On Thu, Oct 18, 2018 at 2:36 PM Tom Lane <tgl(at)sss(dot)pgh(dot)pa(dot)us> wrote:
> Larry's REL_10_STABLE failure logs are interesting:
>
> https://buildfarm.postgresql.org/cgi-bin/show_log.pl?nm=peripatus&dt=2018-10-17%2020%3A42%3A17
>
> 2018-10-17 15:48:08.849 CDT [55240:7] LOG: dynamic shared memory control segment is corrupt
> 2018-10-17 15:48:08.849 CDT [55240:8] LOG: sem_destroy failed: Invalid argument
> 2018-10-17 15:48:08.850 CDT [55240:9] LOG: sem_destroy failed: Invalid argument
> 2018-10-17 15:48:08.850 CDT [55240:10] LOG: sem_destroy failed: Invalid argument
> 2018-10-17 15:48:08.850 CDT [55240:11] LOG: sem_destroy failed: Invalid argument
> ... lots more ...
> 2018-10-17 15:48:08.862 CDT [55240:122] LOG: sem_destroy failed: Invalid argument
> 2018-10-17 15:48:08.862 CDT [55240:123] LOG: sem_destroy failed: Invalid argument
> TRAP: FailedAssertion("!(dsm_control_mapped_size == 0)", File: "dsm.c", Line: 182)
>
> So at least in this case, not only did we lose the DSM segment but also
> all of our semaphores.
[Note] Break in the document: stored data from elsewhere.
(* For every connected graph $G$, $\gamma_{rdR}(G)\ge \gamma(G)+\gamma_r(G)$. Moreover, equality holds if and only if $G$ is a star $K_{1,m}$ for some $m\ge 1$, or $\gamma_{r2}(G)=\gamma_r(G)=\gamma(G)$.
   Context: All graphs are finite and simple. An RDRD function of $G$ is a function $f:V(G)\to\{0,1,2,3\}$ such that every vertex with value $0$ has at least two neighbors with value $2$ or at least one neighbor with value $3$, every vertex with value $1$ has a neighbor with value $2$ or $3$, and the subgraph induced by the vertices with value $0$ has no isolated vertices; $\gamma_{rdR}(G)$ is the minimum of $\sum_v f(v)$ over RDRD functions. $\gamma(G)$ is the domination number. A restrained dominating set is a set $S\subseteq V(G)$ such that every vertex of $V(G)\setminus S$ has a neighbor in $S$ and a neighbor in $V(G)\setminus S$; $\gamma_r(G)$ is its minimum cardinality. A restrained $2$-dominating set is a set $S$ such that every vertex of $V(G)\setminus S$ has at least two neighbors in $S$ and $G[V(G)\setminus S]$ has no isolated vertices; $\gamma_{r2}(G)$ is its minimum cardinality. *)

From mathcomp Require Import all_boot.
Set Implicit Arguments. Unset Strict Implicit. Unset Printing Implicit Defensive.

Definition simple_graph (T : finType) (e : rel T) : Prop :=
  symmetric e /\ irreflexive e.

Definition connected_graph (T : finType) (e : rel T) : Prop :=
  0 < #|T| /\ forall x y : T, connect e x y.

Definition nbhd (T : finType) (e : rel T) (v : T) : {set T} := [set u | e v u].

Definition is_rdrd (T : finType) (e : rel T) (f : {ffun T -> 'I_4}) : bool :=
  [forall v,
     ((f v == 0 :> nat) ==>
        ((2 <= #|[set u in nbhd e v | f u == 2 :> nat]|) ||
         [exists u in nbhd e v, f u == 3 :> nat]))
  && ((f v == 1 :> nat) ==> [exists u in nbhd e v, 2 <= f u])
  && ((f v == 0 :> nat) ==> [exists u in nbhd e v, f u == 0 :> nat])].

Definition weight (T : finType) (f : {ffun T -> 'I_4}) : nat := \sum_(v : T) f v.

(* minimum weight of an RDRD function (the constant function 3 is RDRD, of
   weight 3|V|, so the default value never affects the minimum) *)
Definition gamma_rdR (T : finType) (e : rel T) : nat :=
  \big[minn/(3 * #|T|)]_(f : {ffun T -> 'I_4} | is_rdrd e f) weight f.

Definition is_dominating (T : finType) (e : rel T) (S : {set T}) : bool :=
  [forall v, (v \notin S) ==> [exists u in S, e v u]].

Definition is_restrained_dominating (T : finType) (e : rel T) (S : {set T}) : bool :=
  [forall v, (v \notin S) ==>
     ([exists u in S, e v u] && [exists u in ~: S, e v u])].

Definition is_restrained_2dominating (T : finType) (e : rel T) (S : {set T}) : bool :=
  [forall v, (v \notin S) ==>
     ((2 <= #|S :&: nbhd e v|) && [exists u in ~: S, e v u])].

(* minima of cardinalities (V itself qualifies in each case) *)
Definition gamma (T : finType) (e : rel T) : nat :=
  \big[minn/#|T|]_(S : {set T} | is_dominating e S) #|S|.
Definition gamma_r (T : finType) (e : rel T) : nat :=
  \big[minn/#|T|]_(S : {set T} | is_restrained_dominating e S) #|S|.
Definition gamma_r2 (T : finType) (e : rel T) : nat :=
  \big[minn/#|T|]_(S : {set T} | is_restrained_2dominating e S) #|S|.

Definition is_star (T : finType) (e : rel T) : Prop :=
  2 <= #|T| /\
  exists c : T, (forall v, v != c -> e c v) /\
                (forall u v, u != c -> v != c -> ~~ e u v).

From mathcomp Require Import all_boot zify.
Set Implicit Arguments. Unset Strict Implicit. Unset Printing Implicit Defensive.

(* Lower bound: for an RDRD function f let V_k be the set of vertices with
   f >= k.  Then w(f) = |V_1| + |V_2| + |V_3|, V_2 is dominating and V_1 is
   restrained dominating, so gamma + gamma_r <= |V_1| + |V_2| <= w(f).

   Equality: take an optimal f of weight gamma + gamma_r.  Then V_3 is empty
   and V_1 is a minimum restrained dominating set ("f is tight").  If some
   vertex has value 1, removal arguments on V_1 show that every vertex is
   positive, hence gamma_r = |V|, hence every edge has a pendant endpoint, so
   G is a star.  Otherwise V_2 is restrained 2-dominating and
   gamma_r2 <= gamma <= gamma_r <= gamma_r2.

   Converse: a star has gamma_r = |V| and the RDRD function (2 on the centre,
   1 on the leaves) of weight |V| + 1; and 2 on a minimum restrained
   2-dominating set gives gamma_rdR <= 2 gamma_r2. *)

Section MinOverFinType.

Variables (I : finType) (P : pred I) (F : I -> nat) (d : nat).

Lemma bigmin_le i : P i -> \big[minn/d]_(j | P j) F j <= F i.
Proof.
have : i \in index_enum I by rewrite mem_index_enum.
elim: (index_enum I) => // j r IH; rewrite in_cons big_cons => /orP [/eqP <- | ir] Pi.
  by rewrite Pi geq_minl.
by case: (P j); [apply: leq_trans (geq_minr _ _) (IH ir Pi) | apply: IH].
Qed.

Lemma bigmin_attain i0 : P i0 -> F i0 = d ->
  exists2 i, P i & \big[minn/d]_(j | P j) F j = F i.
Proof.
move=> Pi0 Fi0; apply: (big_rec (fun x => exists2 i, P i & x = F i)).
  by exists i0.
move=> i x Pi Kx; rewrite /minn; case: ltnP => _ //.
by exists i.
Qed.

End MinOverFinType.

Lemma connected_closed_full (T : finType) (e : rel T) (A : {pred T}) :
  symmetric e -> connected_graph e -> (forall x y, e x y -> x \in A -> y \in A) ->
  forall x y, x \in A -> y \in A.
Proof.
move=> sym [_ conn] clA x y xA.
have csym := sym_connect_sym sym.
by rewrite -(closed_connect (intro_closed csym clA) (conn x y)).
Qed.

Definition level_set (T : finType) (f : {ffun T -> 'I_4}) (k : nat) : {set T} :=
  [set v | k <= f v].

Lemma card_set_pred (T : finType) (b : pred T) :
  \sum_(v : T) (b v : nat) = #|[set v | b v]|.
Proof.
rewrite -sum1_card [RHS]big_mkcond /=; apply: eq_bigr => v _; rewrite inE.
by case: (b v).
Qed.

Lemma weight_levels (T : finType) (f : {ffun T -> 'I_4}) :
  weight f = #|level_set f 1| + #|level_set f 2| + #|level_set f 3|.
Proof.
rewrite /weight /level_set -!card_set_pred -!big_split /=; apply: eq_bigr => v _.
by have := ltn_ord (f v); case: (nat_of_ord (f v)) => [|[|[|[|]]]].
Qed.

Section GraphParameters.

Variables (T : finType) (e : rel T).

(* Each parameter is bounded by any witness and attained by some witness;
   attainment holds because the whole vertex set (resp. the constant
   function 3) is a witness whose value is the default of the minimum. *)
Lemma gamma_le S : is_dominating e S -> gamma e <= #|S|.
Proof. exact: bigmin_le. Qed.

Lemma gamma_r_le S : is_restrained_dominating e S -> gamma_r e <= #|S|.
Proof. exact: bigmin_le. Qed.

Lemma gamma_r2_le S : is_restrained_2dominating e S -> gamma_r2 e <= #|S|.
Proof. exact: bigmin_le. Qed.

Lemma gamma_rdR_le f : is_rdrd e f -> gamma_rdR e <= weight f.
Proof. exact: bigmin_le. Qed.

Lemma gamma_attain : exists2 S, is_dominating e S & gamma e = #|S|.
Proof.
by apply: (bigmin_attain (i0 := setT)); [apply/forallP => v; rewrite inE | exact: cardsT].
Qed.

Lemma gamma_r_attain : exists2 S, is_restrained_dominating e S & gamma_r e = #|S|.
Proof.
by apply: (bigmin_attain (i0 := setT)); [apply/forallP => v; rewrite inE | exact: cardsT].
Qed.

Lemma gamma_r2_attain : exists2 S, is_restrained_2dominating e S & gamma_r2 e = #|S|.
Proof.
by apply: (bigmin_attain (i0 := setT)); [apply/forallP => v; rewrite inE | exact: cardsT].
Qed.

Lemma gamma_rdR_attain : exists2 f, is_rdrd e f & gamma_rdR e = weight f.
Proof.
pose three : {ffun T -> 'I_4} := [ffun => inord 3].
have threeE v : three v = 3 :> nat by rewrite ffunE inordK.
apply: (bigmin_attain (i0 := three)).
  by apply/forallP => v; rewrite threeE.
rewrite weight_levels /level_set.
have full k : k <= 3 -> [set v | k <= three v] = setT.
  by move=> k3; apply/setP => v; rewrite !inE threeE.
by rewrite !full // cardsT; lia.
Qed.

(* A restrained 2-dominating set is restrained dominating, and a restrained
   dominating set is dominating. *)
Lemma gamma_le_gamma_r : gamma e <= gamma_r e.
Proof.
have [S hS ->] := gamma_r_attain; apply: gamma_le.
apply/forallP => v; apply/implyP => vS.
by move/forallP/(_ v): hS; rewrite vS /= => /andP [].
Qed.

Lemma gamma_r_le_gamma_r2 : gamma_r e <= gamma_r2 e.
Proof.
have [S hS ->] := gamma_r2_attain; apply: gamma_r_le.
apply/forallP => v; apply/implyP => vS.
move/forallP/(_ v): hS; rewrite vS /= => /andP [two_nbrs ->]; rewrite andbT.
have /card_gt0P [u] : 0 < #|S :&: nbhd e v| by apply: leq_trans two_nbrs.
by rewrite !inE => /andP [uS evu]; apply/existsP; exists u; rewrite uS.
Qed.

Lemma gamma_pos : 0 < #|T| -> 0 < gamma e.
Proof.
case/card_gt0P => v _; have [D hD ->] := gamma_attain; apply/card_gt0P.
case vD: (v \in D); first by exists v.
by move/forallP/(_ v): hD; rewrite vD => /existsP [u /andP [uD _]]; exists u.
Qed.

End GraphParameters.

Section RDRDFunction.

Variables (T : finType) (e : rel T) (f : {ffun T -> 'I_4}).
Hypothesis rdrd_f : is_rdrd e f.

Lemma rdrd_zero_strong_nbr v : f v = 0 :> nat -> exists2 u, e v u & 2 <= f u.
Proof.
move: rdrd_f => /forallP /(_ v) /andP [/andP [cond0 _] _] fv; move: cond0.
rewrite fv /= => /orP [two_twos | /existsP [u /andP [un /eqP fu]]].
  have /card_gt0P [u] : 0 < #|[set u in nbhd e v | f u == 2 :> nat]|.
    exact: leq_trans two_twos.
  by rewrite !inE => /andP [evu /eqP fu]; exists u; rewrite ?fu.
by exists u; [move: un; rewrite inE | rewrite fu].
Qed.

Lemma rdrd_zero_zero_nbr v : f v = 0 :> nat -> exists2 u, e v u & f u = 0 :> nat.
Proof.
move: rdrd_f => /forallP /(_ v) /andP [_ cond0] fv; move: cond0.
by rewrite fv /= => /existsP [u /andP [un /eqP fu]]; exists u; move: un; rewrite ?inE.
Qed.

Lemma rdrd_one_strong_nbr v : f v = 1 :> nat -> exists2 u, e v u & 2 <= f u.
Proof.
move: rdrd_f => /forallP /(_ v) /andP [/andP [_ cond1] _] fv; move: cond1.
by rewrite fv /= => /existsP [u /andP [un fu]]; exists u; move: un; rewrite ?inE.
Qed.

Lemma rdrd_zero_two_twos v : (forall u, f u != 3 :> nat) -> f v = 0 :> nat ->
  2 <= #|[set u in nbhd e v | f u == 2 :> nat]|.
Proof.
move: rdrd_f => /forallP /(_ v) /andP [/andP [cond0 _] _] no3 fv; move: cond0.
by rewrite fv /= => /orP [// | /existsP [u /andP [_ fu]]]; move: (no3 u); rewrite fu.
Qed.

Lemma rdrd_level2_dominating : is_dominating e (level_set f 2).
Proof.
apply/forallP => v; apply/implyP; rewrite inE -ltnNge => fv.
have [u evu fu] : exists2 u, e v u & 2 <= f u.
  move: fv; case fv: (nat_of_ord (f v)) => [|[|]] // _.
    exact: rdrd_zero_strong_nbr.
  exact: rdrd_one_strong_nbr.
by apply/existsP; exists u; rewrite inE evu andbT.
Qed.

Lemma rdrd_level1_restrained : is_restrained_dominating e (level_set f 1).
Proof.
apply/forallP => v; apply/implyP; rewrite inE -ltnNge ltnS leqn0 => /eqP fv.
have [u evu fu] := rdrd_zero_strong_nbr fv.
have [w evw fw] := rdrd_zero_zero_nbr fv.
apply/andP; split; apply/existsP.
  by exists u; rewrite inE evu andbT; apply: leq_trans fu.
by exists w; rewrite !inE evw fw.
Qed.

Lemma rdrd_lower_bound :
  gamma e + gamma_r e <= #|level_set f 1| + #|level_set f 2|.
Proof.
rewrite addnC; apply: leq_add.
  exact: gamma_r_le rdrd_level1_restrained.
exact: gamma_le rdrd_level2_dominating.
Qed.

Lemma rdrd_level2_restrained2 :
  (forall u, f u != 3 :> nat) -> (forall u, f u != 1 :> nat) ->
  is_restrained_2dominating e (level_set f 2).
Proof.
move=> no3 no1; apply/forallP => t; apply/implyP; rewrite inE -ltnNge => ft.
have ft0 : f t = 0 :> nat by move: (no1 t) ft; case: (nat_of_ord (f t)) => [|[|]].
have [w etw fw] := rdrd_zero_zero_nbr ft0.
apply/andP; split; last by apply/existsP; exists w; rewrite !inE fw etw.
apply: leq_trans (rdrd_zero_two_twos no3 ft0) _; apply: subset_leq_card.
by apply/subsetP => u; rewrite !inE => /andP [-> /eqP ->].
Qed.

End RDRDFunction.

(* An RDRD function is tight when its positive vertices form a minimum
   restrained dominating set.  Deleting vertices from that set must then
   destroy restrained domination, which forces strong local structure. *)
Section TightRDRD.

Variables (T : finType) (e : rel T) (f : {ffun T -> 'I_4}).
Hypothesis sym_e : symmetric e.
Hypothesis rdrd_f : is_rdrd e f.
Hypothesis tight : gamma_r e = #|level_set f 1|.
Is it conceivable that Python somehow destroyed
> those objects, rather than stomping on the contents of the DSM segment?
> If not, how do we explain this log?

One idea: In the backend I'm looking at there is a contiguous run of
read/write mappings from the the location of the semaphore array
through to the DSM control segment. That means that a single runaway
loop/memcpy/memset etc could overwrite both of those. Eventually it
would run off the end of contiguously mapped space and SEGV, and we do
indeed see a segfault from that Python code before the trouble begins.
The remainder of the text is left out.